Example 4-3 validateAuthenticatedUser

void validateAuthenticatedUser(final HttpFilterContext httpFilterContext) {
 
  def loginCookie = httpFilterContext.cookies.WSC_LOGIN_COOKIE
  def tempCookieValue = "temp_session_cookie";
  if (tempCookieValue != loginCookie) {
    httpFilterContext.redirect('/test/sample');
    httpFilterContext.logOut('/test/newpage');
    httpFilterContext.addCookie(loginCookie, tempCookieValue);
  }

The function executes in the following manner:

  1. The login cookie is retrieved from the httpFilterContext.cookies.WSC_LOGIN_COOKIE and stored in loginCookie.

  2. An additional cookie is defined for the current session.

  3. The cookie created for the current session is compared to the login cookie.

  4. If the cookies match, no redirection occurs.

  5. If the cookies do not match, the function sets the redirect and logout URLs and copies the session's cookie value to the login cookie.

  6. Upon the user's second access attempt, the session cookie and the login cookie will match, and no redirection will occur.
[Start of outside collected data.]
Lemma Cval_gt0 t : 1 <= t -> t < theta_minus R adj -> 0 < Cval adj t.
Proof.
move=> t_ge1 lt_t_theta; rewrite lt_neqAle eq_sym Cval_ge0 // andbT.
apply/eqP => C0; have t_gt0 : 0 < t by lra.
set e := (theta_minus R adj - t) / (2 * t).
have e_gt0 : 0 < e by rewrite divr_gt0 ?subr_gt0 ?mulr_gt0.
have te : t * (2 * e) = theta_minus R adj - t by rewrite /e; field; rewrite gt_eqF.
have [Y [feasY]] := Cval_approx t_ge1 e_gt0; rewrite C0 add0r => ltY.
have [Y' [feasY' vanY']] := feasP_vanishing simple_adj feasY.
have := theta_minus_le feasY' vanY'; nra.
Qed.

Lemma Cval_le0 t : 1 <= t -> theta_minus R adj <= t -> Cval adj t <= 0.
Proof.
move=> t_ge1 theta_le_t; apply/ler_addgt0Pr => e e_gt0; rewrite add0r.
have feasJ := feasP_const1 n (lexx (1 : R)).
set K := adj_pairing adj (const_mx 1 : 'M[R]_n).
have K_ge0 : 0 <= K by apply: adj_pairing_ge0 => i j; rewrite mxE.
have [[i [j aij]] | no_edge] := pselect (exists i j, adj i j); last first.
  have := Cval_le (feasP_const1 n t_ge1); rewrite adj_pairing_eq0; first lra.
  by move=> i j aij; case: no_edge; exists i, j.
set g := e / (K + 1); have g_gt0 : 0 < g by rewrite divr_gt0 // ltr_pwDr.
have gK : g * (K + 1) = e by rewrite /g mulfVK // gt_eqF // ltr_pwDr.
have [t0 [Y0 [feasY0 vanY0 lt_t0]]] := theta_minus_approx g_gt0.
have t0_ge2 := feasP_edge_ge2 simple_adj feasY0 vanY0 aij.
have [t0_le_t | lt_t_t0] := lerP t0 t.
  by have := Cval_le (feasP_le feasY0 t0_le_t); rewrite adj_pairing_eq0 //; lra.
set l := (t - 1) / (t0 - 1).
have t0_1 : t0 - 1 != 0 by rewrite subr_eq0 gt_eqF //; lra.
have l_t0 : l * (t0 - 1) = t - 1 by rewrite /l mulfVK.
have l01 : 0 <= l <= 1 by apply/andP; split; nra.
have := Cval_le (feasP_convex l01 feasY0 feasJ).
rewrite adj_pairingD !adj_pairingZ adj_pairing_eq0 // -/K.
have -> : l * t0 + (1 - l) * 1 = t by lra.
nra.
Qed.

End OptimalValues.

Theorem mainTheorem5 (R : realType) (n : nat) (adj : rel 'I_n) :
  simple_graph adj ->
  forall t : R, 1 <= t -> (0 < Cval adj t <-> t < theta_minus R adj).
Proof.
move=> simple_adj t t_ge1; split=> [C_gt0 | ]; last exact: Cval_gt0.
rewrite ltNge; apply: contraTN C_gt0 => /(Cval_le0 simple_adj t_ge1).
by rewrite -leNgt.
Qed.
(* The minimal word (with respect to alphabetical order) of any equivalence class of words under $\sim$ is reduced.
   Context: $\mathcal{A}$ is the free associative $\mathbb{C}$-algebra on noncommuting generators $L,R$; words are finite products of these letters and a subword is a contiguous block of letters. A word is balanced if it contains equally many $L$'s and $R$'s. $\mathcal{J}$ is the two-sided ideal generated by $\{FG-GF : F,G \text{ nonempty balanced words}\}$, and $X\sim Y$ means $X-Y\in\mathcal{J}$; each equivalence class is finite. Alphabetical order is the lexicographic order with $L$ before $R$, a proper prefix preceding its extensions. A word is prime if it is nonempty, balanced, and not a product of two nonempty balanced words. For balanced $W=a_1\cdots a_n$, $e_k(W)=\sum_{i=1}^k\overline{a_i}$ with $\overline{R}=1$, $\overline{L}=-1$. A prime $P$ of length $n$ is an upper prime if $e_k(P)>0$ for $1\le k\le n-1$, and a lower prime if $e_k(P)<0$ for $1\le k\le n-1$. A word is reduced if it contains no subword $UD$ with $U$ an upper prime and $D$ a lower prime. *)

From HB Require Import structures.
From mathcomp Require Import all_boot all_order all_algebra.
From mathcomp Require Import complex.
From mathcomp Require Import Rstruct.
Set Implicit Arguments. Unset Strict Implicit. Unset Printing Implicit Defensive.
Import Order.TTheory GRing.Theory Num.Theory.

Definition CC : Type := (complex Rdefinitions.R).
HB.instance Definition _ := GRing.Field.on CC.

Inductive letter := Lt | Rt.
Definition letter_eqb (a b : letter) : bool :=
  match a, b with Lt, Lt | Rt, Rt => true | _, _ => false end.
Lemma letter_eqP : Equality.axiom letter_eqb.
Proof. by case; case; constructor. Qed.
HB.instance Definition _ := hasDecEq.Build letter letter_eqP.

Definition word := seq letter.

Definition balanced (w : word) : bool := count_mem Lt w == count_mem Rt w.

Definition prime_word (w : word) : Prop :=
  w != [::] /\ balanced w /\
  ~ (exists u v : word, [/\ u != [::], v != [::], balanced u, balanced v & w = u ++ v]).

Definition lval (a : letter) : int := if a is Rt then 1%R else (-1)%R.
Definition e_ (k : nat) (w : word) : int := (\sum_(a <- take k w) lval a)%R.

Definition upper_prime (w : word) : Prop :=
  prime_word w /\ forall k, (1 <= k <= (size w).-1)%N -> (0 < e_ k w)%R.
Definition lower_prime (w : word) : Prop :=
  prime_word w /\ forall k, (1 <= k <= (size w).-1)%N -> (e_ k w < 0)%R.

Definition reduced (w : word) : Prop :=
  ~ (exists x u d y : word, [/\ upper_prime u, lower_prime d & w = x ++ u ++ d ++ y]).

Fixpoint alph_le (u v : word) : bool :=
  match u, v with
  | [::], _ => true
  | _ :: _, [::] => false
  | a :: u', b :: v' =>
      if a == b then alph_le u' v' else (a == Lt) && (b == Rt)
  end.

(* X ~ Y iff X - Y lies in the two-sided ideal J of the free algebra C<L,R>
   generated by FG - GF (F, G nonempty balanced).  Elements of the free algebra
   are finitely supported coefficient functions on words; J is the C-span of the
   elements U (FG - GF) V with U, V words.  So X ~ Y iff there is a finite list of
   terms (c, (U, F, G, V)) such that, coefficientwise on every word w,
   [X = w] - [Y = w] = sum c * ([U F G V = w] - [U G F V = w]). *)
Definition gen_ok (t : CC * (word * word * word * word)) : bool :=
  let: (_, (_, F, G, _)) := t in
  [&& F != [::], G != [::], balanced F & balanced G].

Definition coef_term (w : word) (t : CC * (word * word * word * word)) : CC :=
  let: (c, (U, F, G, V)) := t in
  (c * (((U ++ F ++ G ++ V) == w)%:R - ((U ++ G ++ F ++ V) == w)%:R))%R.

Definition equiv_words (X Y : word) : Prop :=
  exists s : seq (CC * (word * word * word * word)),
    all gen_ok s /\
    forall w : word, (((X == w)%:R - (Y == w)%:R : CC) = \sum_(t <- s) coef_term w t)%R.

(* Swapping two adjacent nonempty balanced factors stays in the same class.
   An upper prime begins with R and a lower prime with L, so replacing a
   factor U D by D U makes the word strictly smaller alphabetically; hence a
   minimal word contains no such factor. *)
From mathcomp Require Import all_boot all_algebra.
Import GRing.Theory.

Set Implicit Arguments.
Unset Strict Implicit.

Lemma alph_le_catl (x u v : word) : alph_le (x ++ u) (x ++ v) = alph_le u v.
Proof. by elim: x => //= a x IHx; rewrite eqxx. Qed.

Lemma equiv_words_swap (x F G y : word) :
  F != [::] -> G != [::] -> balanced F -> balanced G ->
  equiv_words (x ++ F ++ G ++ y) (x ++ G ++ F ++ y).
Proof.
move=> nzF nzG balF balG; exists [:: (1%R, (x, F, G, y))]; split.
  by rewrite /= nzF nzG balF balG.
by move=> w; rewrite big_seq1 /= mul1r.
Qed.

Lemma size_balanced (w : word) : balanced w -> size w = (count_mem Lt w).*2.
Proof.
have size_count : size w = (count_mem Lt w + count_mem Rt w)%N.
  by elim: w => //= -[] w ->; rewrite /= ?addnS.
by rewrite /balanced size_count -addnn => /eqP <-.
Qed.

Lemma e_1_cons (a : letter) (w : word) : e_ 1 (a :: w) = lval a.
Proof. by rewrite /e_ /= take0 big_seq1. Qed.

Lemma prime_word_cons (w : word) :
  prime_word w -> exists a w', w = a :: w' /\ (1 <= size w')%N.
Proof.
case=> nz [bal _]; case: w nz bal => // a w' _ /size_balanced /= sizeE.
by exists a, w'; split=> //; case: w' sizeE => //=; case: a.
Qed.

Lemma upper_prime_cons (u : word) : upper_prime u -> exists u', u = Rt :: u'.
Proof.
case=> /prime_word_cons [a [u' [-> size_u']]] /(_ 1%N).
by rewrite e_1_cons /= size_u' => /(_ isT); case: a => //; exists u'.
Qed.

Lemma lower_prime_cons (d : word) : lower_prime d -> exists d', d = Lt :: d'.
Proof.
case=> /prime_word_cons [a [d' [-> size_d']]] /(_ 1%N).
by rewrite e_1_cons /= size_d' => /(_ isT); case: a => //; exists d'.
Qed.

Theorem lemma6p2 (W : word) :
  (forall W' : word, equiv_words W W' -> alph_le W W') -> reduced W.
Proof.
move=> W_min [x [u [d [y [up_u low_d W_eq]]]]].
have [[nz_u [bal_u _]] _] := up_u; have [[nz_d [bal_d _]] _] := low_d.
rewrite {}W_eq in W_min.
have := W_min _ (equiv_words_swap x y nz_u nz_d bal_u bal_d).
have [u' ->] := upper_prime_cons up_u; have [d' ->] := lower_prime_cons low_d.
by rewrite alph_le_catl.
Qed.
That example uses custom cookies to track if this is the first login for a specific user. The cookie is reset when the browser restarts, which means that the user's next login will trigger a new redirect. To prevent continual redirects, you will need to flag a user as successfully authenticated in a persistent manner. For example, you can base the decision to redirect on an additional metadata comparison against the AUTHENTICATED_SUBJECT.

Note:

Such support requires additional custom integration with the security provider.

Editing validateAuthenticatedUser

To edit the validAuthenticatedUser function:

  1. Navigate to the WebRTC Session Controller console and log in with your administrator user name and password:

    http://hostname:port/wsc-console

    where hostname is the name of your WebRTC Session Controller server and port is the Administration Console access port.

    Note:

    The default Signaling Engine console port is 7001.

  2. Select the Script Library tab.

  3. Click Edit.

  4. Edit the function validateAuthenticatedUser as required for your needs.

  5. Click Validate Library to make sure you have not introduced any errors.

  6. Click Save to save your changes to the Script Library.